» **WHAT YOU SHOULD DO**
In the records below, find the line containing "d)%N%:R <= N%:R :> R." and the line containing "have [mP'|] := boolP (coprime_to P m);"; please repeat exactly the lines from one to the other, both included, and nothing more.

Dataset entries
####

(* Let $\mathcal{P}$ be an arbitrary set of prime numbers (finite or infinite), and let $\langle \mathcal{P} \rangle \subset \mathbb{N} = \{1,2,3,\ldots\}$ denote the set of natural numbers all of whose prime factors lie in $\mathcal{P}$ (in particular $1 \in \langle \mathcal{P}\rangle$). Then for every real number $x$, $$\Big|\sum_{n \in \langle \mathcal{P} \rangle:\, n \leq x} \frac{\mu(n)}{n}\Big| \leq 1.$$
   Context: $\mu$ denotes the Möbius function: $\mu(n) = (-1)^k$ if $n$ is a product of $k$ distinct primes, and $\mu(n)=0$ otherwise. $\langle \mathcal{P}\rangle$ is the multiplicative semigroup generated by $\mathcal{P}$ (including $1$ as the empty product). *)

From mathcomp Require Import all_boot all_order all_algebra.
From mathcomp Require Import reals.
Set Implicit Arguments. Unset Strict Implicit. Unset Printing Implicit Defensive.
Import Order.TTheory GRing.Theory Num.Theory.

(* Moebius function: mu n = (-1)^k if n > 0 is a product of k distinct primes,
   0 otherwise (n = 0 is outside N = {1,2,...}; mu 0 := 0 by convention, irrelevant). *)
Definition moebius (n : nat) : int :=
  if (0 < n)%N && [forall p : 'I_n.+1, prime p ==> (logn p n <= 1)%N]
  then ((-1) ^+ size (primes n))%R else 0%R.

Definition in_semigroup (P : pred nat) (n : nat) : bool :=
  (0 < n)%N && all P (primes n).

From mathcomp Require Import all_boot all_order all_algebra.
From mathcomp Require Import reals ring lra.
Import Order.TTheory GRing.Theory Num.Theory.

Set Implicit Arguments.
Unset Strict Implicit.
Unset Printing Implicit Defensive.

(* Write S(x) for the sum and let N := floor x.  Moebius inversion restricted
   to <P> gives  sum_(d in <P>, d <= N) mu(d) floor(N/d) = A,  the number of
   m <= N without prime factors in P, so  N S(x) = A + E  where the error E
   comes from the fractional parts {N/d} and is at most B, the number of
   1 < d <= N in <P>, in absolute value.  An integer m > 1 cannot both lie in
   <P> and avoid P, so  1 <= A  and  A + B <= N,  whence  |A + E| <= N. *)

Definition coprime_to (P : pred nat) (m : nat) : bool := all (predC P) (primes m).

Lemma coprime_to_semigroup_eq1 (P : pred nat) m :
  in_semigroup P m -> coprime_to P m -> m = 1.
Proof.
case/andP=> m_gt0 mP mP'; apply/eqP; rewrite eqn_leq m_gt0 andbT leqNgt.
apply/negP=> m_gt1; have pm : pdiv m \in primes m.
  by rewrite mem_primes pdiv_prime // ltnW // pdiv_dvd.
by have := allP mP' _ pm; rewrite /= (allP mP _ pm).
Qed.

Lemma coprime_to_dvd (P : pred nat) d m :
  0 < m -> d %| m -> coprime_to P m -> coprime_to P d.
Proof.
move=> m_gt0 dm /allP mP'; apply/allP=> p; rewrite mem_primes => /and3P[pp _ pd].
by apply: mP'; rewrite mem_primes pp m_gt0 (dvdn_trans pd dm).
Qed.

Lemma semigroup_dvd (P : pred nat) d m :
  0 < d -> d %| m -> in_semigroup P m -> in_semigroup P d.
Proof.
move=> d_gt0 dm /andP[m_gt0 /allP mP]; rewrite /in_semigroup d_gt0.
apply/allP=> p; rewrite mem_primes => /and3P[pp _ pd].
by apply: mP; rewrite mem_primes pp m_gt0 (dvdn_trans pd dm).
Qed.

Lemma semigroupMp (P : pred nat) d p :
  P p -> prime p -> in_semigroup P d -> in_semigroup P (d * p).
Proof.
move=> Pp pp /andP[d_gt0 dP]; rewrite /in_semigroup muln_gt0 d_gt0 prime_gt0 //=.
apply/allP=> q; rewrite (primesM _ d_gt0 (prime_gt0 pp)) (primes_prime pp) !inE.
by case/orP=> [/(allP dP)|/eqP->].
Qed.

Lemma squarefreeP n : 0 < n ->
  reflect (forall p, prime p -> logn p n <= 1)
          [forall p : 'I_n.+1, prime p ==> (logn p n <= 1)].
Proof.
move=> n_gt0; apply: (iffP forallP) => [sqf_n p pp|sqf_n p].
  have [pn|np] := leqP p n.
    by have := sqf_n (Ordinal (pn : p < n.+1)); rewrite /= pp.
  rewrite leqNgt; apply/negP=> /ltnW; rewrite logn_gt0 mem_primes => /and3P[_ _].
  by move/(dvdn_leq n_gt0); rewrite leqNgt np.
by apply/implyP=> /sqf_n.
Qed.

Lemma moebius1 : moebius 1 = 1%R.
Proof. by rewrite /moebius; case: squarefreeP => // -[p _]; rewrite logn1. Qed.

Lemma moebius_sqr_dvd p d : prime p -> 0 < d -> p ^ 2 %| d -> moebius d = 0%R.
Proof.
move=> pp d_gt0 p2d; rewrite /moebius d_gt0; case: squarefreeP => // sqf_d.
by have := sqf_d p pp; rewrite leqNgt -(pfactor_dvdn _ pp d_gt0) p2d.
Qed.

Lemma moebiusMp p d :
  prime p -> 0 < d -> ~~ (p %| d) -> moebius (d * p) = (- moebius d)%R.
Proof.
move=> pp d_gt0 pNd; have dp_gt0 : 0 < d * p by rewrite muln_gt0 d_gt0 prime_gt0.
have lognMp q : logn q (d * p) = logn q d + (q == p).
  by rewrite (lognM _ d_gt0 (prime_gt0 pp)) (logn_prime q pp).
have size_primesMp : size (primes (d * p)) = (size (primes d)).+1.
  have pNprimes : p \notin primes d by rewrite mem_primes pp d_gt0.
  apply: (@perm_size _ _ (p :: primes d)); apply: uniq_perm.
  - exact: primes_uniq.
  - by rewrite /= pNprimes primes_uniq.
  - by move=> q; rewrite (primesM _ d_gt0 (prime_gt0 pp)) (primes_prime pp) !inE orbC.
have sqfMp : [forall q : 'I_(d * p).+1, prime q ==> (logn q (d * p) <= 1)] =
             [forall q : 'I_d.+1, prime q ==> (logn q d <= 1)].
  apply/idP/idP.
    move/(squarefreeP dp_gt0)=> sqf; apply/(squarefreeP d_gt0) => q qp.
    by apply: leq_trans (sqf q qp); rewrite lognMp leq_addr.
  move/(squarefreeP d_gt0)=> sqf; apply/(squarefreeP dp_gt0) => q qp.
  rewrite lognMp; case: eqP => [->|_]; last by rewrite addn0 sqf.
  by rewrite (@logn_coprime p d) // prime_coprime.
rewrite /moebius dp_gt0 d_gt0 sqfMp; case: ifP => _; last by rewrite oppr0.
by rewrite size_primesMp exprS mulN1r.
Qed.

Local Open Scope ring_scope.

Lemma norm_moebius_le1 (R : numDomainType) d : `|(moebius d)%:~R : R| <= 1.
Proof.
rewrite /moebius; case: ifP => _; last by rewrite normr0.
by rewrite rmorphXn /= rmorphN1 normrX normrN1 expr1n.
Qed.

Lemma sum_involution_eq0 (R : numDomainType) n (C : pred nat) (h : nat -> nat)
    (F : nat -> R) :
  (forall d, C d -> (d < n)%N) -> (forall d, C d -> C (h d)) ->
  (forall d, C d -> h (h d) = d) -> (forall d, C d -> F (h d) = - F d) ->
  \sum_(0 <= d < n | C d) F d = 0.
Proof.
move=> Cn Ch hK Fh; rewrite big_mkord.
pose g (i : 'I_n) : 'I_n := if C i then insubd i (h i) else i.
have val_g (i : 'I_n) : C i -> val (g i) = h i.
  by move=> Ci; rewrite /g Ci val_insubd Cn // Ch.
have Cg (i : 'I_n) : C (g i) = C i.
  by case Ci: (C i); [rewrite val_g // Ch | rewrite /g Ci Ci].
have gK : cancel g g.
  move=> i; apply: val_inj; case Ci: (C i); last by rewrite /g Ci Ci.
  by rewrite val_g ?Cg // val_g // hK.
set S := \sum_(i < n | C i) F i.
have SN : S = - S.
  rewrite {1}/S (reindex_inj (can_inj gK)) /= -sumrN.
  apply: eq_big => [i|i Cgi]; first by rewrite Cg.
  have Ci : C i by rewrite -Cg.
  by rewrite val_g // Fh.
have : S *+ 2 == 0 by rewrite mulr2n {2}SN subrr.
by rewrite mulrn_eq0 => /eqP.
Qed.

(* The involution d <-> d p (resp. d / p), for a prime p in P dividing M,
   pairs off the squarefree divisors of M in <P> with opposite signs. *)
Lemma sum_moebius_dvd_semigroup (R : numDomainType) (P : pred nat) M : (0 < M)%N ->
  \sum_(0 <= d < M.+1 | in_semigroup P d && (d %| M)%N) ((moebius d)%:~R : R)
  = (coprime_to P M)%:R.
Proof.
move=> M_gt0; have [MP'|] := boolP (coprime_to P M).
  rewrite (eq_bigl (pred1 1%N)) => [|d /=].
    by rewrite big_nat1_eq ltnS M_gt0 moebius1.
  apply/andP/eqP=> [[dP dM]|->]; last by rewrite /in_semigroup dvd1n.
  exact: coprime_to_semigroup_eq1 dP (coprime_to_dvd M_gt0 dM MP').
case/allPn=> p; rewrite mem_primes negbK => /and3P[pp _ pM] Pp.
rewrite (bigID (fun d => p ^ 2 %| d)%N) /= big1 ?add0r; last first.
  by move=> d /andP[/andP[/andP[d_gt0 _] _] /(moebius_sqr_dvd pp d_gt0)->].
have divpE d : (0 < d)%N -> (p %| d)%N -> ~~ (p ^ 2 %| d)%N ->
    [/\ (0 < d %/ p)%N, ~~ (p %| d %/ p)%N & (d %/ p * p = d)%N].
  move=> d_gt0 pd p2Nd; split; last by rewrite divnK.
    by rewrite divn_gt0 ?prime_gt0 // dvdn_leq.
  by rewrite dvdn_divRL // -expnSr.
apply: (@sum_involution_eq0 _ _ _ (fun d => if p %| d then d %/ p else d * p)%N).
- by move=> d /andP[/andP[_ dM] _]; rewrite ltnS dvdn_leq.
- move=> d /andP[/andP[dP dM] p2Nd]; have /andP[d_gt0 _] := dP.
  have [pd|pNd] := boolP (p %| d)%N.
    have [q_gt0 pNq qpE] := divpE d d_gt0 pd p2Nd.
    have qd : (d %/ p %| d)%N by rewrite -{2}qpE dvdn_mulr.
    rewrite (semigroup_dvd q_gt0 qd dP) (dvdn_trans qd dM) /=.
    by apply: contra pNq; apply: dvdn_trans; rewrite dvdn_exp.
  rewrite (semigroupMp Pp pp dP) Gauss_dvd ?dM ?pM /=; last first.
    by rewrite coprime_sym prime_coprime.
  by rewrite expnSr expn1 dvdn_pmul2r ?prime_gt0.
- move=> d /andP[/andP[/andP[d_gt0 _] _] p2Nd]; have [pd|pNd] := boolP (p %| d)%N.
    by have [_ pNq qpE] := divpE d d_gt0 pd p2Nd; rewrite (negbTE pNq).
  by rewrite dvdn_mull // mulnK ?prime_gt0.
- move=> d /andP[/andP[/andP[d_gt0 _] _] p2Nd]; have [pd|pNd] := boolP (p %| d)%N.
    have [q_gt0 pNq qpE] := divpE d d_gt0 pd p2Nd.
    by rewrite -{2}qpE moebiusMp // mulrNz opprK.
  by rewrite moebiusMp // mulrNz.
Qed.

Lemma sum_moebius_divn (R : numDomainType) (P : pred nat) N :
  \sum_(0 <= d < N.+1 | in_semigroup P d) ((moebius d)%:~R * (N %/ d)%:R : R)
  = \sum_(1 <= m < N.+1) (coprime_to P m)%:R.
Proof.
elim: N => [|N IHN]; first by rewrite big_ltn_cond // !big_geq.
rewrite [RHS]big_nat_recr //= -IHN -sum_moebius_dvd_semigroup //.
rewrite [X in _ + X]big_mkcondr /=.
have divnSE d : in_semigroup P d -> (moebius d)%:~R * (N.+1 %/ d)%:R
    = (moebius d)%:~R * (N %/ d)%:R + (moebius d)%:~R * (d %| N.+1)%:R :> R.
  by rewrite /in_semigroup => /andP[d_gt0 _]; rewrite divnS // natrD mulrDr addrC.
rewrite (eq_bigr _ divnSE) big_split /=; congr (_ + _).
  rewrite big_mkcond [RHS]big_mkcond big_nat_recr //=.
  by rewrite divn_small // mulr0 if_same addr0.
by apply: eq_bigr => d _; rewrite mulr_natr mulrb.
Qed.

Lemma norm_sum_moebius_mod_le (R : realFieldType) (P : pred nat) N :
  `|\sum_(0 <= d < N.+1 | in_semigroup P d)
      ((moebius d)%:~R * ((N %% d)%:R / d%:R) : R)|
  <= \sum_(0 <= d < N.+1 | in_semigroup P d) (1 < d)%N%:R.
Proof.
apply: le_trans (ler_norm_sum _ _ _) _; apply: ler_sum => d /andP[d_gt0 _].
have [d_gt1|] := ltnP 1 d; last first.
  rewrite leq_eqVlt ltnS leqn0 (gtn_eqF d_gt0) orbF => /eqP->.
  by rewrite modn1 mul0r mulr0 normr0.
rewrite normrM -[1%:R](mul1r 1) ler_pM ?norm_moebius_le1 //.
by rewrite ger0_norm ?divr_ge0 // ler_pdivrMr ?ltr0n // mul1r ler_nat ltnW ?ltn_pmod.
Qed.

Lemma count_coprime_to_add_semigroup_le (R : numDomainType) (P : pred nat) N :
  \sum_(1 <= m < N.+1) (coprime_to P m)%:R
    + \sum_(0 <= d < N.+1 | in_semigroup P d) (1 < d)%N%:R <= N%:R :> R.
Proof.
rewrite [X in _ + X]big_ltn_cond //= [X in _ + X]big_mkcond -big_split /=.
have -> : N%:R = \sum_(1 <= m < N.+1) 1 :> R by rewrite sumr_const_nat subn1.
apply: ler_sum => m _.
case: ifP => [mP|_]; last by rewrite addr0 lern1 leq_b1.
have [mP'|] := boolP (coprime_to P m); last by rewrite add0r lern1 leq_b1.
by rewrite (coprime_to_semigroup_eq1 mP mP') addr0.
Qed.

Lemma norm_sum_moebius_div_le1 (R : realFieldType) (P : pred nat) N :
  `|\sum_(0 <= d < N.+1 | in_semigroup P d) ((moebius d)%:~R / d%:R : R)| <= 1.
Proof.
have [->|N_gt0] := posnP N; first by rewrite big_ltn_cond //= big_geq // normr0.
set S := \sum_(_ <= _ < _ | _) _.
set A := \sum_(1 <= m < N.+1) (coprime_to P m)%:R : R.
set B := \sum_(0 <= d < N.+1 | in_semigroup P d) (1 < d)%N%:R : R.
set E := \sum_(0 <= d < N.+1 | in_semigroup P d)
           ((moebius d)%:~R * ((N %% d)%:R / d%:R) : R).
have NSE : N%:R * S = A + E.
  rewrite /A -sum_moebius_divn /E mulr_sumr -big_split /=.
  apply: eq_bigr => d /andP[d_gt0 _]; rewrite {1}(divn_eq N d) natrD natrM.
  by field; rewrite pnatr_eq0 -lt0n.
have A_ge1 : 1 <= A.
  rewrite /A big_ltn ?ltnS // /= lerDl sumr_ge0 // => m _; exact: ler0n.
have B_ge0 : 0 <= B by apply: sumr_ge0 => d _; exact: ler0n.
have AB_leN : A + B <= N%:R := count_coprime_to_add_semigroup_le R P N.
have /andP[E_geNB E_leB] : - B <= E <= B by rewrite -ler_norml norm_sum_moebius_mod_le.
have N_gt0R : 0 < N%:R :> R by rewrite ltr0n.
rewrite -(ler_pM2l N_gt0R) mulr1 -[N%:R in leLHS]ger0_norm ?ler0n // -normrM NSE.
by rewrite ler_norml; apply/andP; split; lra.
Qed.

Theorem theorem1p1 (R : realType) (P : pred nat)
    (HP : forall p, P p -> prime p) (x : R) :
  `| \sum_(0 <= n < (Num.truncn `|x|).+1 | in_semigroup P n && ((n%:R : R) <= x))
        ((moebius n)%:~R / (n%:R : R)) | <= 1.
Proof.
have [x_lt0|x_ge0] := ltP x 0.
  rewrite big1 ?normr0 // => n /andP[_ nx].
  by have := lt_le_trans x_lt0 (le_trans (ler0n R n) nx); rewrite ltxx.
rewrite (ger0_norm x_ge0).
have -> : \sum_(0 <= n < (Num.truncn x).+1 | in_semigroup P n && (n%:R <= x))
            ((moebius n)%:~R / n%:R)
    = \sum_(0 <= n < (Num.truncn x).+1 | in_semigroup P n) ((moebius n)%:~R / n%:R : R).
  rewrite big_nat_cond [RHS]big_nat_cond; apply: eq_bigl => n /=.
  have [n_le|//] := boolP (n < (Num.truncn x).+1)%N.
  by rewrite -(truncn_ge_nat _ x_ge0) -ltnS n_le andbT.
exact: norm_sum_moebius_div_le1.
Qed.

####

» **RESPONSE**
    + \sum_(0 <= d < N.+1 | in_semigroup P d) (1 < d)%N%:R <= N%:R :> R.
Proof.
rewrite [X in _ + X]big_ltn_cond //= [X in _ + X]big_mkcond -big_split /=.
have -> : N%:R = \sum_(1 <= m < N.+1) 1 :> R by rewrite sumr_const_nat subn1.
apply: ler_sum => m _.
case: ifP => [mP|_]; last by rewrite addr0 lern1 leq_b1.
have [mP'|] := boolP (coprime_to P m); last by rewrite add0r lern1 leq_b1.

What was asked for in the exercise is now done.